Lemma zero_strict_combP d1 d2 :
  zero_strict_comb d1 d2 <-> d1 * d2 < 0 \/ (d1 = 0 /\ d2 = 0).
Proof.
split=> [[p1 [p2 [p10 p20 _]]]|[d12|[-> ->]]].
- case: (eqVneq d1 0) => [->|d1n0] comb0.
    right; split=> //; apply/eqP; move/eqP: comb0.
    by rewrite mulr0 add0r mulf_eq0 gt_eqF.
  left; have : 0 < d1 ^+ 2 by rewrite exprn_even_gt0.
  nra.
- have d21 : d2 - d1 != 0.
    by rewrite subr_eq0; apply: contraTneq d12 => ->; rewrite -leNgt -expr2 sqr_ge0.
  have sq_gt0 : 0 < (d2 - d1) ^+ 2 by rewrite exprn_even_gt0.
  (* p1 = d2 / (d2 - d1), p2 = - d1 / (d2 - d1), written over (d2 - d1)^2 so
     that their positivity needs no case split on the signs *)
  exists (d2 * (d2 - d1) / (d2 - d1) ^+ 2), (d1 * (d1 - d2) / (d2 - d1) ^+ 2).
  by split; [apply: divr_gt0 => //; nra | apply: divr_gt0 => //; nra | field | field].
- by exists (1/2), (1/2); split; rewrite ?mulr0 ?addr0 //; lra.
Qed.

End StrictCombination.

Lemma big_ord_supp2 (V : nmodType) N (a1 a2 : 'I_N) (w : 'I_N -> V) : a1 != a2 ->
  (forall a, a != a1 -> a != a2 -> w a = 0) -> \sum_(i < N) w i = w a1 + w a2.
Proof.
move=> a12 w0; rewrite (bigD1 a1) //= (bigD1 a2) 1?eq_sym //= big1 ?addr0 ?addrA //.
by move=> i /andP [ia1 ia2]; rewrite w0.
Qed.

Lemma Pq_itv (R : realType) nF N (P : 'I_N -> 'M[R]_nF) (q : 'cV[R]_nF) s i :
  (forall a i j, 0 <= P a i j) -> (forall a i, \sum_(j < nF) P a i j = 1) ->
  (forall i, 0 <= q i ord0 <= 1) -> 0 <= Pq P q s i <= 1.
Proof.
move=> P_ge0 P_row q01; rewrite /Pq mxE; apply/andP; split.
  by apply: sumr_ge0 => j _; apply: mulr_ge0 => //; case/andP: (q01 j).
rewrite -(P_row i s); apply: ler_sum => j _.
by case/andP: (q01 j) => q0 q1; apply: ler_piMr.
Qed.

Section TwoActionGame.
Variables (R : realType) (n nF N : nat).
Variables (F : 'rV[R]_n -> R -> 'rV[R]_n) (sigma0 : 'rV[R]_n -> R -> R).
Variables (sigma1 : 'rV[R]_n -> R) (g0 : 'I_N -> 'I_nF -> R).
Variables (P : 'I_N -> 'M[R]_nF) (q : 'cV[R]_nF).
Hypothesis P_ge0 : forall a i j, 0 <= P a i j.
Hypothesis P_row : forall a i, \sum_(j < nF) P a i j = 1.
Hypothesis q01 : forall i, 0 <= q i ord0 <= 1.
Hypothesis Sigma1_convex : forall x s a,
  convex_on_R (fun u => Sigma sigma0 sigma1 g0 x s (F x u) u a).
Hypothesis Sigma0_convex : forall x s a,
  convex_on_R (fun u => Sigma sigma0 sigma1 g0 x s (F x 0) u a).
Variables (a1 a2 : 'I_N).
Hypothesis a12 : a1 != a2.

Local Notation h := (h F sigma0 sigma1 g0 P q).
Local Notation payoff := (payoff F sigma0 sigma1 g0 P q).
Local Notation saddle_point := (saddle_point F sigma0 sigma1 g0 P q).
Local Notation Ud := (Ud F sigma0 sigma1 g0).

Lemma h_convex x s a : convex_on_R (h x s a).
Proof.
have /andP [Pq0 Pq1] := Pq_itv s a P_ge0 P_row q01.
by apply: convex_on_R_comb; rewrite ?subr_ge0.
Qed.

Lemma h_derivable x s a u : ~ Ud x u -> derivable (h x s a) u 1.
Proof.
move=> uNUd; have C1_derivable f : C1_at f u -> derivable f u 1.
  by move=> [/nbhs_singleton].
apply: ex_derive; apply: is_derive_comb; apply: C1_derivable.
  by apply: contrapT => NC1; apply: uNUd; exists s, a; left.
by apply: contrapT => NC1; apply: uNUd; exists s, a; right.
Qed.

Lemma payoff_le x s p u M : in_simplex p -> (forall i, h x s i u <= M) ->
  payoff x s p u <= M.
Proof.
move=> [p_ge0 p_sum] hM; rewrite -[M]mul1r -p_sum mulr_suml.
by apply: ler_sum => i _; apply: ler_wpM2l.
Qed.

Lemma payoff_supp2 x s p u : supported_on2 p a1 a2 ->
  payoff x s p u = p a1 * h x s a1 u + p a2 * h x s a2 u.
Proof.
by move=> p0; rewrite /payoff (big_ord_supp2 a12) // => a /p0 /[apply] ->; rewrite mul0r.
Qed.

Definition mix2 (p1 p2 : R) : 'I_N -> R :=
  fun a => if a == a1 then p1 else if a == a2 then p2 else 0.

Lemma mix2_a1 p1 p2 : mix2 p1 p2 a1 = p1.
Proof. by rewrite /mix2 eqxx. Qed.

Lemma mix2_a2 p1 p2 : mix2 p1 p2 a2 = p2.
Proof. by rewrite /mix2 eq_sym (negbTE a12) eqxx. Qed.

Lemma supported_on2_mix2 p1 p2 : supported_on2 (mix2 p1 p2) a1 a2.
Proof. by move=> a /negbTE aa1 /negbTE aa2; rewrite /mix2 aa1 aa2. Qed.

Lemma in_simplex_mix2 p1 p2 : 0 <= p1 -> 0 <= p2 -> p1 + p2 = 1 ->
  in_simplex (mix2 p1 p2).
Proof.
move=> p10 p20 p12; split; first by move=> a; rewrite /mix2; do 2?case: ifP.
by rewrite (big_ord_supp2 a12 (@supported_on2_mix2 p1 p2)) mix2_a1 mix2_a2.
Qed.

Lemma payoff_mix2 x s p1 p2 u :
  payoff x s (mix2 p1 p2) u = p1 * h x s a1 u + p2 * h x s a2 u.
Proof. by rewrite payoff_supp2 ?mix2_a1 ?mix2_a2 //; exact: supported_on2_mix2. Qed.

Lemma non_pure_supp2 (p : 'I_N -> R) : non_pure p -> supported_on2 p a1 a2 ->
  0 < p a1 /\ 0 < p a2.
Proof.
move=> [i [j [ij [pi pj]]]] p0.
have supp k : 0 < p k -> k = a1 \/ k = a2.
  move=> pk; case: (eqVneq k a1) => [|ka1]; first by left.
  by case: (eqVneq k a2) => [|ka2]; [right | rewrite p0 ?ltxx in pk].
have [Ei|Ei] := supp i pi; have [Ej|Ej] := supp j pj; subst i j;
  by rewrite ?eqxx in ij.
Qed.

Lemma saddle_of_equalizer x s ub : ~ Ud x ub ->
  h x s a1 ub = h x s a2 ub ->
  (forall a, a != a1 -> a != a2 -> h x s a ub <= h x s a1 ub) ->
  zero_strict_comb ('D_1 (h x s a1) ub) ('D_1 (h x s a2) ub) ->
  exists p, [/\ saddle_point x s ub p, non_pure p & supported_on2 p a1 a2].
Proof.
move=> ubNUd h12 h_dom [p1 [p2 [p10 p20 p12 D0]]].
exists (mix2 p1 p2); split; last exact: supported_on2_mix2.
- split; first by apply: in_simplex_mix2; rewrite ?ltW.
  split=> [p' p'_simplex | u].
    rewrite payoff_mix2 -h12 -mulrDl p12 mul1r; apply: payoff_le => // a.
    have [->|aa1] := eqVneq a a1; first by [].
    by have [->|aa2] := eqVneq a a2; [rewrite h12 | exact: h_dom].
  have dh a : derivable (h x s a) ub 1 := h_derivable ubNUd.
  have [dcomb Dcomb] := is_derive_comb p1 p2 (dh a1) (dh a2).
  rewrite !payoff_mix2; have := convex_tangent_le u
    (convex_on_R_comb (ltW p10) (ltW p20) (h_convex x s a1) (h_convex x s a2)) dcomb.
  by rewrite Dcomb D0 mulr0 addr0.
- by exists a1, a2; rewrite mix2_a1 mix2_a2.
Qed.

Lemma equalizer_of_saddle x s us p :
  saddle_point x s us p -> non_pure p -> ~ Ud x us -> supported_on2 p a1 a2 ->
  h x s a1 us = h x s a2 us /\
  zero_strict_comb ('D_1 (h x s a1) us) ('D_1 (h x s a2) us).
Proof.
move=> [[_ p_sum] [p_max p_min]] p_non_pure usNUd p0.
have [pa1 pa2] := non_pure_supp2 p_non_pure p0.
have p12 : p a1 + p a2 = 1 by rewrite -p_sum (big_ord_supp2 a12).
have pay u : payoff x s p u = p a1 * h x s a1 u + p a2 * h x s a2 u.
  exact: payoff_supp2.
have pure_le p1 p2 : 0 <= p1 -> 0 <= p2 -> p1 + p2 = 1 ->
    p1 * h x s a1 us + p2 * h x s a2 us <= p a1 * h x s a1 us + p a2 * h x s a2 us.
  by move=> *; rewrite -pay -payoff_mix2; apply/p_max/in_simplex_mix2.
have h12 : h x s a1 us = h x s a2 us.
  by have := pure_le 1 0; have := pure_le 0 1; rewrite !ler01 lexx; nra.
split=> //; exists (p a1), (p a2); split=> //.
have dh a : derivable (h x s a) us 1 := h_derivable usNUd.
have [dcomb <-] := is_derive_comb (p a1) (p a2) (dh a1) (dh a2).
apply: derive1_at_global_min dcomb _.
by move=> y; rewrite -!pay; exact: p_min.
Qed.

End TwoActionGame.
══════
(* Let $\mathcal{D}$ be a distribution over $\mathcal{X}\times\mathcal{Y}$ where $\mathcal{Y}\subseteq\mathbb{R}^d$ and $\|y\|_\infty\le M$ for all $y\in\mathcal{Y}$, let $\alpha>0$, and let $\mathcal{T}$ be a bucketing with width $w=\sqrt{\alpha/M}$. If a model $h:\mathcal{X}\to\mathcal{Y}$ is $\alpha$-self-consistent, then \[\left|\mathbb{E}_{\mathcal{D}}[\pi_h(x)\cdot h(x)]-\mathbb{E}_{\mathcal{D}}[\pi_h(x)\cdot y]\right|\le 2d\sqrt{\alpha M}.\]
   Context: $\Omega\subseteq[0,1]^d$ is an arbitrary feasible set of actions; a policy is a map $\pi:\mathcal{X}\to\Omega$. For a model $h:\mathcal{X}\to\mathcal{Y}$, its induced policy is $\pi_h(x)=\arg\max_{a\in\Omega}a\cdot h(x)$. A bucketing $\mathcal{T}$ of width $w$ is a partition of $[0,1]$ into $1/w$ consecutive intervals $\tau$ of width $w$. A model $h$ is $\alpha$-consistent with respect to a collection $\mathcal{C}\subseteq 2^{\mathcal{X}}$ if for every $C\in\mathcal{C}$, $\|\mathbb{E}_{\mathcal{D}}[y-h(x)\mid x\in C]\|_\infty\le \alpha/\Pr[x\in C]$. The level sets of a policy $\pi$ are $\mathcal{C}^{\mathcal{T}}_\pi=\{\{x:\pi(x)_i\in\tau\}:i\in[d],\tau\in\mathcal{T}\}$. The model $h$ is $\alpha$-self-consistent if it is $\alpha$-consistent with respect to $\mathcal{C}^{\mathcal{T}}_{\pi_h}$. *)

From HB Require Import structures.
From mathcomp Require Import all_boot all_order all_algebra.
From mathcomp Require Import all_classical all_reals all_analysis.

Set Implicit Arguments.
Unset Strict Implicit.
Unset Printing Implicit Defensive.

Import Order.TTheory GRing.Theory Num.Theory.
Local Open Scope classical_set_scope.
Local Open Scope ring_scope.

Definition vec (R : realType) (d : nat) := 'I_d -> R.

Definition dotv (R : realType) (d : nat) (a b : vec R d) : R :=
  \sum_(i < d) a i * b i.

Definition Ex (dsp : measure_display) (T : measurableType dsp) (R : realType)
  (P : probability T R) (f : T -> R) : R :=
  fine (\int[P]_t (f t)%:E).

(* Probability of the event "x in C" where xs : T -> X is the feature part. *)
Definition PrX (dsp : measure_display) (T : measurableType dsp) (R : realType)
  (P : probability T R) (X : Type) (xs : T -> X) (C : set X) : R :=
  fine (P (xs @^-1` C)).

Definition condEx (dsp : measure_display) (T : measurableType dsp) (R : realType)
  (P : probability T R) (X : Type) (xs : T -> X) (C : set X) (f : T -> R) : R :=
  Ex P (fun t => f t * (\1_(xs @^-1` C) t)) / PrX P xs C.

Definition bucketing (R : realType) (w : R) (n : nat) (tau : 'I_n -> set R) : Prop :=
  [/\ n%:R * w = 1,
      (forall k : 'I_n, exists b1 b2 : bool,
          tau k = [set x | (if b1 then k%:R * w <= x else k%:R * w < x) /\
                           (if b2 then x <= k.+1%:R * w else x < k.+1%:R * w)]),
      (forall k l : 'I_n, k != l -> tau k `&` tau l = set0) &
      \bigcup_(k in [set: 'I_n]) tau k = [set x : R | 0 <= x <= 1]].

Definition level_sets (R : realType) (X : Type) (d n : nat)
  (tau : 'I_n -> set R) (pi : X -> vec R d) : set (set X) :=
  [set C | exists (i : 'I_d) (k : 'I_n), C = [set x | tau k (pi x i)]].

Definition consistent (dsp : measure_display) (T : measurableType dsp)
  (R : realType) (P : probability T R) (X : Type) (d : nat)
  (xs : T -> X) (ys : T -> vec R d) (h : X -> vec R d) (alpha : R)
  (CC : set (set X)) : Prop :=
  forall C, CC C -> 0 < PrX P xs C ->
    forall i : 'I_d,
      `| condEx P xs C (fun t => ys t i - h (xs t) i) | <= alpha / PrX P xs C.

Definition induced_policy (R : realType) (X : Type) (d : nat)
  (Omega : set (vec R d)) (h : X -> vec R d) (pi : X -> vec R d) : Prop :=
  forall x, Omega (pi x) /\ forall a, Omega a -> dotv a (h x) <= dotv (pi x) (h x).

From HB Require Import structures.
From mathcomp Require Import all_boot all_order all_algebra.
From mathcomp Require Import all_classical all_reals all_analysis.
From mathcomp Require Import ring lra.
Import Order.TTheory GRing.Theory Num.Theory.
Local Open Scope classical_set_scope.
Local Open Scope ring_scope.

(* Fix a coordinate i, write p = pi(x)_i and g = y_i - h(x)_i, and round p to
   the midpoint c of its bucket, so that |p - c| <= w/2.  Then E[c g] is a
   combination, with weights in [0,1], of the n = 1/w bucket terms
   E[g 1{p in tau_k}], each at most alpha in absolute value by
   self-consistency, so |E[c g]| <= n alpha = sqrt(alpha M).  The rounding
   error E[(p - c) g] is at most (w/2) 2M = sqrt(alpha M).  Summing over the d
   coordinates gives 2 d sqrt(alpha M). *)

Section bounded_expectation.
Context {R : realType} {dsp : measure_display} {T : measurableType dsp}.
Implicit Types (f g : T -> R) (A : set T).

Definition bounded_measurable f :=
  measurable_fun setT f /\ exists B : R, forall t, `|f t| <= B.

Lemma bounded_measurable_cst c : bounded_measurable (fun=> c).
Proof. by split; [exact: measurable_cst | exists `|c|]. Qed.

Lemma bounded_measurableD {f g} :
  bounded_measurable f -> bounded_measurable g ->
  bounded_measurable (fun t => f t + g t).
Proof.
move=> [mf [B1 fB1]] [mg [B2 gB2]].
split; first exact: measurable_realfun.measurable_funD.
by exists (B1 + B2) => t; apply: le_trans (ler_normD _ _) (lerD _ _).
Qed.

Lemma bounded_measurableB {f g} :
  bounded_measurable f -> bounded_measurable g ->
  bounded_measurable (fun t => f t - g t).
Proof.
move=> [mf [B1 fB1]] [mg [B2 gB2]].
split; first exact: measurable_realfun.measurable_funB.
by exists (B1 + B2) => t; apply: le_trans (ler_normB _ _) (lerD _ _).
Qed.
══════
- **Directions for this task**: In the listing above, find the line containing "tau k = [set x |" and the line containing "Definition induced_policy (R", then retype both and every line between them exactly, with nothing else.

- **Solved problem**:
          tau k = [set x | (if b1 then k%:R * w <= x else k%:R * w < x) /\
                           (if b2 then x <= k.+1%:R * w else x < k.+1%:R * w)]),
      (forall k l : 'I_n, k != l -> tau k `&` tau l = set0) &
      \bigcup_(k in [set: 'I_n]) tau k = [set x : R | 0 <= x <= 1]].

Definition level_sets (R : realType) (X : Type) (d n : nat)
  (tau : 'I_n -> set R) (pi : X -> vec R d) : set (set X) :=
  [set C | exists (i : 'I_d) (k : 'I_n), C = [set x | tau k (pi x i)]].

Definition consistent (dsp : measure_display) (T : measurableType dsp)
  (R : realType) (P : probability T R) (X : Type) (d : nat)
  (xs : T -> X) (ys : T -> vec R d) (h : X -> vec R d) (alpha : R)
  (CC : set (set X)) : Prop :=
  forall C, CC C -> 0 < PrX P xs C ->
    forall i : 'I_d,
      `| condEx P xs C (fun t => ys t i - h (xs t) i) | <= alpha / PrX P xs C.

Definition induced_policy (R : realType) (X : Type) (d : nat)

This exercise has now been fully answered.